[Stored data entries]
# # # # # # #

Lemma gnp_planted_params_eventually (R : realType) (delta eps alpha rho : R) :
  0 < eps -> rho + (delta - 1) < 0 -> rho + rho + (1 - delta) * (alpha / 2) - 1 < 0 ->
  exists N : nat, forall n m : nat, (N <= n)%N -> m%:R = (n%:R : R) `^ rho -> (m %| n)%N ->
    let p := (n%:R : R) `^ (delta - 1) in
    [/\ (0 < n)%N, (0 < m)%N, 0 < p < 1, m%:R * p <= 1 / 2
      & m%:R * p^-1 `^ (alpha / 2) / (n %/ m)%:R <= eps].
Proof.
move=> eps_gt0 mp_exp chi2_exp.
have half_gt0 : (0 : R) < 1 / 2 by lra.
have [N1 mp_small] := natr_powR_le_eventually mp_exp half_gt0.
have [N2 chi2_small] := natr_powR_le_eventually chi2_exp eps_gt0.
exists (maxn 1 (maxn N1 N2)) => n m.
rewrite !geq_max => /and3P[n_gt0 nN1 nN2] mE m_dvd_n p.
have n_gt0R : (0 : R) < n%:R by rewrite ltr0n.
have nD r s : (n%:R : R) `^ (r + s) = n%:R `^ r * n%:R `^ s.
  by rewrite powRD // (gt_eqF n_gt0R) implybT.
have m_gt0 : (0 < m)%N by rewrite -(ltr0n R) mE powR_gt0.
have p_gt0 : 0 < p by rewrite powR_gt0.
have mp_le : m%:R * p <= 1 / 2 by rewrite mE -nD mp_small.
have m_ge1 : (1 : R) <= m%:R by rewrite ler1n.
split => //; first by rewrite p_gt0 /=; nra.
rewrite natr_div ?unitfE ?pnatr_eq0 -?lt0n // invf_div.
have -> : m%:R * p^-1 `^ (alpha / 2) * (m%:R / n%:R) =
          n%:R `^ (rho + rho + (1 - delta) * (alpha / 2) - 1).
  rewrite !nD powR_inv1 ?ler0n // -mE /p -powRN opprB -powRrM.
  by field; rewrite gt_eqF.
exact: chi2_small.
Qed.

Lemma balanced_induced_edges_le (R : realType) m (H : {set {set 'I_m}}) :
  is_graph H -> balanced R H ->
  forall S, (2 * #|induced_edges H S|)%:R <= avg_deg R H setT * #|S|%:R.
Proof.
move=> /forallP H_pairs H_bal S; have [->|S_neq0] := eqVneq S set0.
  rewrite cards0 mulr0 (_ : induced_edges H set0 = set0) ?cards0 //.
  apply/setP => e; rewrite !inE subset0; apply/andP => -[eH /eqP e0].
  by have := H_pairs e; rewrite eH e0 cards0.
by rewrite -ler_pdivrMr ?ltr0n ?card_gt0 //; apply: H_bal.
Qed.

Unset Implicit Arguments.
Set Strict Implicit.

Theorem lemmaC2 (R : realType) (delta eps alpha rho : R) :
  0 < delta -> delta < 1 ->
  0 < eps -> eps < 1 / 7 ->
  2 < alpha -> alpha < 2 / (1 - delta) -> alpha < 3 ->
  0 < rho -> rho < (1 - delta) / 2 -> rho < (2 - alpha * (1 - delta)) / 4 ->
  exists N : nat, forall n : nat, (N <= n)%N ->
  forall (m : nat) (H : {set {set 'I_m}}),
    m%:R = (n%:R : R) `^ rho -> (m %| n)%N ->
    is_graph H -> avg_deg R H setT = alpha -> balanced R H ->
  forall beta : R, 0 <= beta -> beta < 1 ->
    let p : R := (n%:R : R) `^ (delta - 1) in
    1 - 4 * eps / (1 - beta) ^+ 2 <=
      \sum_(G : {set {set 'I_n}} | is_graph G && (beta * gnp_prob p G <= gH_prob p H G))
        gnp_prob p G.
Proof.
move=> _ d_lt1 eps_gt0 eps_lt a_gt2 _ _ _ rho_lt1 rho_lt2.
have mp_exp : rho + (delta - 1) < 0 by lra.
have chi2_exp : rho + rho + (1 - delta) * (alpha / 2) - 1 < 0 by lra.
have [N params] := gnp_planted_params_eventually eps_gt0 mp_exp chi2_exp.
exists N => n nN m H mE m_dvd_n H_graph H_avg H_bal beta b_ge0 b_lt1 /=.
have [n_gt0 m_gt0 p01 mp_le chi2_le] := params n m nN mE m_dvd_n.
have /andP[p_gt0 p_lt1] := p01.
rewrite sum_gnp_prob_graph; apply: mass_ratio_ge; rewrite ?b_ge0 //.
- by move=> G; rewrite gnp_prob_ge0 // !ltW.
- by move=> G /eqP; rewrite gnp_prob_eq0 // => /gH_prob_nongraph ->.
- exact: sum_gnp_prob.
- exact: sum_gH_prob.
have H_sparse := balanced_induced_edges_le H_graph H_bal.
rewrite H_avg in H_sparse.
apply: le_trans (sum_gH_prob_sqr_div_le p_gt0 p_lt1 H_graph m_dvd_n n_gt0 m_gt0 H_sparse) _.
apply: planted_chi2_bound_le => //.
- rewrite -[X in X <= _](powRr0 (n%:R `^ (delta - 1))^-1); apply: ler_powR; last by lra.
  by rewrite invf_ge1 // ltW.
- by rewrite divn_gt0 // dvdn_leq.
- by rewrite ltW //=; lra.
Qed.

# # # # # # #

_WHAT YOU ARE ASKED TO DO_
The lines you need are those with the word "andP"; list them from the entries.

_ANSWER TO THIS PROBLEM_
  apply/setP => e; rewrite !inE subset0; apply/andP => -[eH /eqP e0].
have /andP[p_gt0 p_lt1] := p01.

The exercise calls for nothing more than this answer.